Stored data:
★ ★ ★

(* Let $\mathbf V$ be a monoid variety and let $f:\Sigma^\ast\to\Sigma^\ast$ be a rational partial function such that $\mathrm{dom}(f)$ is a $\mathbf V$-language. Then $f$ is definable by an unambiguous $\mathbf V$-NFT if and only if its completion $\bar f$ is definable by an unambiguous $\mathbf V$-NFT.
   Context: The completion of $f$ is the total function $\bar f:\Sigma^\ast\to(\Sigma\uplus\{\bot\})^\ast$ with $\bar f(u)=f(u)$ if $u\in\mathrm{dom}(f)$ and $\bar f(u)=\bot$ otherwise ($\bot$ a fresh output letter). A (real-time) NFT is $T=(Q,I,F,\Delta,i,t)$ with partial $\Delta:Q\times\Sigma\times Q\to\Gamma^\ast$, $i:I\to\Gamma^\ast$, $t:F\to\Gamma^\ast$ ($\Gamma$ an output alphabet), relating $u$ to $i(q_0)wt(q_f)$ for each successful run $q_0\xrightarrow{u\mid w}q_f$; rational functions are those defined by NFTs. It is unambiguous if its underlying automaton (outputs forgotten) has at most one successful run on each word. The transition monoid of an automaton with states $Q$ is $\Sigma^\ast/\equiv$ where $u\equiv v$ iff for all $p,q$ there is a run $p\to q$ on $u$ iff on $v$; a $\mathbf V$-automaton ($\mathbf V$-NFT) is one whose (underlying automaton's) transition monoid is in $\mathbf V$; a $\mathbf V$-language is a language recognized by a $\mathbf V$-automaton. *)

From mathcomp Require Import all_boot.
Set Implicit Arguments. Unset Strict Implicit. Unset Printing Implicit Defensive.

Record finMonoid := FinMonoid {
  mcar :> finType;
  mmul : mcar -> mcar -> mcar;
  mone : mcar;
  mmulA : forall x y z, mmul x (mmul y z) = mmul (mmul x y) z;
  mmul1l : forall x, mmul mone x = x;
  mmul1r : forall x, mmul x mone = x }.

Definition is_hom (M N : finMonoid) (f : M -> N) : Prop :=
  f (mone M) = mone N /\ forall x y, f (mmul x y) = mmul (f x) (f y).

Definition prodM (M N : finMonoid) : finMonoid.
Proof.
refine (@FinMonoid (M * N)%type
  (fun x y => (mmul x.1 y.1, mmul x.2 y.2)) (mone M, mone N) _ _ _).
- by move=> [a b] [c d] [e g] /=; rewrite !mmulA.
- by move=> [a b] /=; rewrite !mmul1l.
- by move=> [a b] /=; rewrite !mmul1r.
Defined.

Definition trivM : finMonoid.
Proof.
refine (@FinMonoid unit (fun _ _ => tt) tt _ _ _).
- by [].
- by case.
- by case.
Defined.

★ ★ ★

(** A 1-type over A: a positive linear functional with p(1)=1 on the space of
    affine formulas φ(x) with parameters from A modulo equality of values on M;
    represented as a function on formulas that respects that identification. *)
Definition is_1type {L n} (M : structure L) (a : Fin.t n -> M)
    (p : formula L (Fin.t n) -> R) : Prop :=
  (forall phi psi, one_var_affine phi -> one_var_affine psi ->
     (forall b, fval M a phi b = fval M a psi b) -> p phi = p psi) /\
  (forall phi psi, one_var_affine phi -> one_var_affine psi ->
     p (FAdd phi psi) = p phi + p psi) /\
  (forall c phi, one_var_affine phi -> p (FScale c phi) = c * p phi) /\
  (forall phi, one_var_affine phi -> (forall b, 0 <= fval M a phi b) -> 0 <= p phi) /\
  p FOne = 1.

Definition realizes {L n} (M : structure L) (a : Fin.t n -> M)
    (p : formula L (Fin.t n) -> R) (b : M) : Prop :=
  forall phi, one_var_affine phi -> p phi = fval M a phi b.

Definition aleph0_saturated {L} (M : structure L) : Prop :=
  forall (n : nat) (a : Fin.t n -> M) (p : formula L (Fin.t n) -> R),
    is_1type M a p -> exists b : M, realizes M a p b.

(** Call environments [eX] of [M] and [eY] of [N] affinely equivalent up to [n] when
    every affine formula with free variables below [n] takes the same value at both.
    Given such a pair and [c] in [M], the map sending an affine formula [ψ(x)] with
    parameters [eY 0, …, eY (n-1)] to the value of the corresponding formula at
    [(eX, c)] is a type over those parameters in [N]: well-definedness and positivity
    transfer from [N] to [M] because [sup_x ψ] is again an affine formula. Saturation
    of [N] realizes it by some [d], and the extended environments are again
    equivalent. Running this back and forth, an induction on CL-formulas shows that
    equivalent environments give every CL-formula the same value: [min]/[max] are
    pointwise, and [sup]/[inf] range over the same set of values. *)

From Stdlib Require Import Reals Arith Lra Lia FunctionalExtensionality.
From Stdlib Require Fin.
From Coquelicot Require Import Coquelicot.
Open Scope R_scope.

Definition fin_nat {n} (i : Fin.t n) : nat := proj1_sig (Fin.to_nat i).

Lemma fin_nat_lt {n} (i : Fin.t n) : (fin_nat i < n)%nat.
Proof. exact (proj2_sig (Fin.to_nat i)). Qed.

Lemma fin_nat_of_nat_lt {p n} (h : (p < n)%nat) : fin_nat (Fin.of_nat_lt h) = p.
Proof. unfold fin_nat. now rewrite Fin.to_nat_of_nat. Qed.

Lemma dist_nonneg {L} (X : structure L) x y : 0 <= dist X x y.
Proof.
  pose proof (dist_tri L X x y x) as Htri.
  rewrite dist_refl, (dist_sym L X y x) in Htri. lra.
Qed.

★ ★ ★

__Action item__
Look through the entries above and copy each line that has "every" in it.

__Written answer__
    every affine formula with free variables below [n] takes the same value at both.
    equivalent environments give every CL-formula the same value: [min]/[max] are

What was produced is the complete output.